Zwischen dem deutschen Staatsvolk und den von ihm gewählten Bundestagsabgeordneten sowie der Regierung geht ein tiefer Riss. Das Vertrauen der Bürger zur Politik, das ohnehin schon lädiert war, ist durch das Verhalten von Regierung und Opposition in der europäischen Staatsschuldenkrise auf dem Nullpunkt angelangt. Hinzu kommt, dass die Unabhängigkeit des Bundesverfassungsgerichts angezweifelt wird. Der Respekt, den es einst genoss, ist verspielt.

Der Bürger erfährt in bisher nicht gekannter Deutlichkeit seine Ohnmacht. Die Mehrheit der Abgeordneten schert sich nicht um seinen Willen, sondern handelt, als wäre sie nicht vom Volk gewählt, sondern von einer fremden Macht eingesetzt worden, der sie mehr verpflichtet ist als dem Wähler.

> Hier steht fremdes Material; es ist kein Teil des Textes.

Lemma natf_eq (m n : nat) : (m%:R == n%:R :> R) = (m == n).
Proof.
wlog le_nm : m n / (n <= m)%N.
  move=> H; case: (leqP n m) => [/H //|/ltnW /H].
  by rewrite eq_sym => ->; rewrite eq_sym.
by rewrite -subr_eq0 -natrB // (pcharf0P _).1 // subn_eq0 eqn_leq le_nm andbT.
Qed.

Lemma poly_eq0_on_nonzero (P : {poly R}) :
  (forall z, z != 0 -> P.[z] = 0) -> P = 0.
Proof.
move=> P0; apply/eqP; apply: contraT => nzP.
have := max_poly_roots nzP (rs := [seq i.+1%:R | i <- iota 0 (size P)]).
rewrite size_map size_iota ltnn; apply.
  by apply/allP => _ /mapP [i _ ->]; apply/rootP/P0; rewrite (pcharf0P _).1.
by rewrite map_inj_uniq ?iota_uniq // => i j /eqP; rewrite natf_eq => /eqP [].
Qed.

Lemma laurent_coef_eq0 {s p} :
  (forall z, z != 0 -> laurent s p z = 0) -> {in s, forall j, p j = 0}.
Proof.
(* Multiplied by z^N with N >= |i| on s, the Laurent sum becomes a polynomial. *)
move=> p0; pose N := (\sum_(i <- undup s) `|i|)%N.
have absz_le i : i \in s -> (`|i| <= N)%N.
  by move=> si; rewrite /N (big_rem i) ?mem_undup //= leq_addr.
pose e (i : int) : nat := absz (i + N%:Z).
have eE i : i \in s -> (e i)%:Z = i + N%:Z by move/absz_le; rewrite /e; lia.
pose P := \sum_(i <- undup s) p i *: 'X^(e i).
have P0 : P = 0.
  apply: poly_eq0_on_nonzero => z z0.
  rewrite horner_sum -[RHS](mulr0 (z ^ N%:Z)) -[in RHS](p0 z z0) /laurent mulr_sumr.
  apply: eq_big_seq => i; rewrite mem_undup => si.
  rewrite hornerZ hornerXn (_ : z ^+ e i = z ^ (i + N%:Z)); last by rewrite -eE.
  by rewrite expfzDr // mulrA mulrC.
move=> j sj; move/(congr1 (fun Q : {poly R} => Q`_(e j))): P0.
rewrite coef0 coef_sum (bigD1_seq j) ?mem_undup ?undup_uniq //=.
rewrite coefZ coefXn eqxx mulr1 big_seq_cond big1 ?addr0 // => i /andP [si ij].
rewrite coefZ coefXn; case: eqP => [eij|]; last by rewrite mulr0.
rewrite mem_undup in si; have /addIr eq_ij : i + N%:Z = j + N%:Z by rewrite -!eE ?eij.
by rewrite eq_ij eqxx in ij.
Qed.

Lemma const_monomial_eq0 {n : int} {c d : R} : n != 0 ->
  (forall z, z != 0 -> c * z ^ n = d) -> c = 0.
Proof.
move=> n0 H; pose p j := if j == n then c else - d.
suff /(_ n (mem_head _ _)) : {in [:: n; 0], forall j, p j = 0} by rewrite /p eqxx.
apply: laurent_coef_eq0 => z z0.
rewrite /laurent undup_id; last by rewrite /= inE andbT.
by rewrite !big_cons big_nil /p eqxx eq_sym (negbTE n0) expr0z mulr1 addr0 H // subrr.
Qed.
End Laurent.

Lemma C_char0 : [pchar C] =i pred0.
Proof. exact: (@pchar_num Rdefinitions.R[i]). Qed.

Lemma natC_eq0 (n : nat) : ((n%:R : C) == 0) = (n == 0)%N.
Proof. exact: (pcharf0P _).1 C_char0 n. Qed.

Lemma intC_eq0 (k : int) : ((k%:~R : C) == 0) = (k == 0).
Proof. exact: (@intr_eq0 Rdefinitions.R[i]). Qed.

Lemma sumr_pick (s : seq int) (F : int -> C) j : uniq s ->
  {subset support F <= s} -> \sum_(i <- s) F i * (i == j)%:R = F j.
Proof.
move=> us Fs; have [sj|sj] := boolP (j \in s).
  rewrite (bigD1_seq j) //= eqxx mulr1 big1 ?addr0 // => i /negbTE->.
  by rewrite mulr0.
have /eqP -> : F j == 0 by apply: contraR sj => /Fs.
rewrite big_seq big1 // => i si; have /negbTE-> : i != j by apply: contraNneq sj => <-.
by rewrite mulr0.
Qed.

Lemma mcoeff_sum_shift (g : {malg C[int]}) (F : int -> C) b j :
  (\sum_(m <- msupp g) (g@_m * F m) *: (<< m + b >> : {malg C[int]}))@_j =
  g@_(j - b) * F (j - b).
Proof.
rewrite raddf_sum -(@sumr_pick (msupp g) (fun m => g@_m * F m)) ?fset_uniq //.
  apply: eq_bigr => m _; rewrite /= mcoeffZ mcoeffU.
  by rewrite (can2_eq (addrK b) (subrK b)).
by move=> m; rewrite supportE; apply: contraR => /mcoeff_outdom ->; rewrite mul0r.
Qed.

Lemma scaleLb c k : c *: Lb k = (c *: << k >>, 0).
Proof. by congr pair; rewrite /= scaler0. Qed.

Lemma scaleGb c k : c *: Gb k = (0, c *: << k >>).
Proof. by congr pair; rewrite /= scaler0. Qed.

Lemma sum_scaleLb (I : Type) (r : seq I) (c : I -> C) (k : I -> int) :
  \sum_(i <- r) c i *: Lb (k i) = (\sum_(i <- r) c i *: << k i >>, 0).
Proof.
elim: r => [|i r IH]; rewrite ?big_nil ?big_cons ?IH ?scaleLb ?scaleGb //.
by congr pair; rewrite /= addr0.
Qed.

Lemma sum_scaleGb (I : Type) (r : seq I) (c : I -> C) (k : I -> int) :
  \sum_(i <- r) c i *: Gb (k i) = (0, \sum_(i <- r) c i *: << k i >>).
Proof.
elim: r => [|i r IH]; rewrite ?big_nil ?big_cons ?IH ?scaleLb ?scaleGb //.
by congr pair; rewrite /= addr0.
Qed.

Lemma sbrxG x b : sbr x (Gb b) =
  (\sum_(r <- msupp x.2) (x.2@_r * 2) *: << r + b >>,
   \sum_(m <- msupp x.1) (x.1@_m * (m%:~R / 2 - b%:~R)) *: << m + b >>).
Proof.
rewrite /sbr /= msupp0 msuppU oner_eq0.
under eq_bigr do rewrite big_seq_fset0.
under [X in _ + X - _ + _]eq_bigr do rewrite big_seq_fset1 mcoeffUU mulr1.
under [X in _ - X + _]eq_bigr do rewrite big_seq_fset0.
under [X in _ + X]eq_bigr do rewrite big_seq_fset1 mcoeffUU mulr1.
rewrite !big1_eq add0r subr0 sum_scaleGb sum_scaleLb.
by congr pair; rewrite /= ?add0r ?addr0.
Qed.

Lemma sbrGx y b : sbr (Gb b) y =
  (\sum_(s <- msupp y.2) (y.2@_s * 2) *: << s + b >>,
   - \sum_(m <- msupp y.1) (y.1@_m * (m%:~R / 2 - b%:~R)) *: << m + b >>).
Proof.
rewrite /sbr /= msupp0 msuppU oner_eq0 !big_seq_fset0 !big_seq_fset1 !add0r.
rewrite mcoeffUU.
under eq_bigr do rewrite mul1r.
under [X in _ + X]eq_bigr do rewrite mul1r addrC.
rewrite sum_scaleGb sum_scaleLb.
by congr pair; rewrite /= ?oppr0 ?add0r ?addr0.
Qed.

Lemma sbrLx y a : sbr (Lb a) y =
  (\sum_(n <- msupp y.1) (y.1@_n * (a - n)%:~R) *: << n + a >>,
   \sum_(r <- msupp y.2) (y.2@_r * (a%:~R / 2 - r%:~R)) *: << r + a >>).
Proof.
rewrite /sbr /= msupp0 msuppU oner_eq0 !big_seq_fset0 !big_seq_fset1 subr0 addr0.
rewrite mcoeffUU.
under eq_bigr do rewrite mul1r [in Lb _]addrC.
under [X in _ + X]eq_bigr do rewrite mul1r [in Gb _]addrC.
rewrite sum_scaleGb sum_scaleLb.
by congr pair; rewrite /= ?add0r ?addr0.
Qed.

Lemma sbrGG a b : sbr (Gb a) (Gb b) = 2 *: Lb (a + b).
Proof.
rewrite sbrxG /= msupp0 msuppU oner_eq0 big_seq_fset0 big_seq_fset1.
by rewrite mcoeffUU mul1r scaleLb.
Qed.

Lemma sbrLG a b : sbr (Lb a) (Gb b) = (a%:~R / 2 - b%:~R) *: Gb (a + b).
Proof.
rewrite sbrxG /= msupp0 msuppU oner_eq0 big_seq_fset0 big_seq_fset1.
by rewrite mcoeffUU mul1r scaleGb.
Qed.

Lemma sbrxG1 x b j : (sbr x (Gb b)).1@_j = x.2@_(j - b) * 2.
Proof. by rewrite sbrxG mcoeff_sum_shift. Qed.

Lemma sbrxG2 x b j :
  (sbr x (Gb b)).2@_j = x.1@_(j - b) * ((j - b)%:~R / 2 - b%:~R).
Proof. by rewrite sbrxG mcoeff_sum_shift. Qed.

Lemma sbrGx1 y b j : (sbr (Gb b) y).1@_j = y.2@_(j - b) * 2.
Proof. by rewrite sbrGx mcoeff_sum_shift. Qed.

Lemma sbrGx2 y b j :
  (sbr (Gb b) y).2@_j = - (y.1@_(j - b) * ((j - b)%:~R / 2 - b%:~R)).
Proof. by rewrite sbrGx /= mcoeffN mcoeff_sum_shift. Qed.

Lemma sbrLx1 y a j : (sbr (Lb a) y).1@_j = y.1@_(j - a) * (a - (j - a))%:~R.
Proof. by rewrite sbrLx mcoeff_sum_shift. Qed.

Lemma sbrLx2 y a j :
  (sbr (Lb a) y).2@_j = y.2@_(j - a) * (a%:~R / 2 - (j - a)%:~R).
Proof. by rewrite sbrLx mcoeff_sum_shift. Qed.

Section Linear.
Variable f : SV -> SV.
Hypothesis lin_f : is_linear f.

Lemma is_linear0 : f 0 = 0.
Proof.
have e := lin_f 1 0 0; rewrite scaler0 add0r scale1r -{1}[f 0]addr0 in e.
exact: esym (addrI _ e).
Qed.

Lemma is_linearZ a u : f (a *: u) = a *: f u.
Proof. by rewrite -[a *: u]addr0 lin_f is_linear0 addr0. Qed.

Lemma is_linearD u v : f (u + v) = f u + f v.
Proof. by rewrite -[u]scale1r lin_f !scale1r. Qed.
End Linear.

Das völlige Versagen aller bisherigen Maßnahmen zur Rettung Griechenlands hat bei den meisten Politikern und der Regierung nicht zu der Erkenntnis geführt, dass man alles falsch gemacht hat. Man ist vielmehr der Ansicht, man müsse nur den Einsatz erhöhen, dann werde man auch irgendwann gewinnen. Es ist wie bei einem süchtigen Spieler im Casino, der die Kontrolle über sich selbst verloren hat und die Einsätze verdoppelt, um Verluste wettzumachen.

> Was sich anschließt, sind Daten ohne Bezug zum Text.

(* Let $Q:(-\infty,-1)\to(-\infty,0)$ be the inverse of the strictly increasing function $G\mapsto G-e^G$ on $(-\infty,0)$, and define $R:\mathbb{R}\to\mathbb{R}$ by $R(V)=-2(1-e^{Q(V)})^2$ for $V<-1$ and $R(V)=4(V+1)$ for $V\ge -1$. Fix $m<-1$. For $n\in\mathbb{R}$ let $V(t;n)$ denote the unique solution of $V''+3V'=R(V)$, $t>0$, $V(0)=m$, $V'(0)=n$ (prime denoting $d/dt$, $V_t=dV/dt$). Define $\beta^0=\{n\in\mathbb{R}: V_t(t;n)>0 \text{ and } V(t;n)\le -1 \text{ for all } t>0\}$. Then $\beta^0$ consists of exactly one point. *)

From Stdlib Require Import Reals Lra ClassicalEpsilon.
From Coquelicot Require Import Coquelicot.
Open Scope R_scope.

(* Q V is some G < 0 with G - exp G = V (unique, since the map is strictly
   increasing on (-oo,0)); outside (-oo,-1) the value is irrelevant. *)
Definition Q (V : R) : R :=
  epsilon (inhabits 0) (fun G => G < 0 /\ G - exp G = V).

Definition Rfun (V : R) : R :=
  if Rlt_dec V (-1) then -2 * (1 - exp (Q V)) ^ 2 else 4 * (V + 1).

Definition is_sol (m n : R) (V Vt : R -> R) : Prop :=
  V 0 = m /\ Vt 0 = n /\
  (forall t, 0 <= t -> is_derive V t (Vt t)) /\
  (forall t, 0 <= t -> is_derive Vt t (Rfun (V t) - 3 * Vt t)).

Definition beta0 (m n : R) : Prop :=
  exists V Vt, is_sol m n V Vt /\
    (forall t, 0 < t -> 0 < Vt t /\ V t <= -1).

Man hatte gehofft, dass das Bundesverfassungsgericht dem Treiben einen Riegel vorschieben und dem Spieler Casinoverbot erteilen würde. Doch das Gericht ist in seinem Urteil vom 7. September 2011 dem Wunsch von 76 Prozent der Deutschen (laut Umfrage) nicht nachgekommen.

In der Verfassungsbeschwerde der Herren Hankel, Nölling, Schachtschneider, Spethmann und Starbatty ging es unter anderem um den ersten Teil der Finanzhilfe an Griechenland, der bereits im Jahr 2010 beschlossen wurde. Er hat einen Umfang von 110 Mrd. Euro, davon entfallen 30 Mrd. auf den IWF und 80 Mrd. auf die Staaten der Euro-Zone.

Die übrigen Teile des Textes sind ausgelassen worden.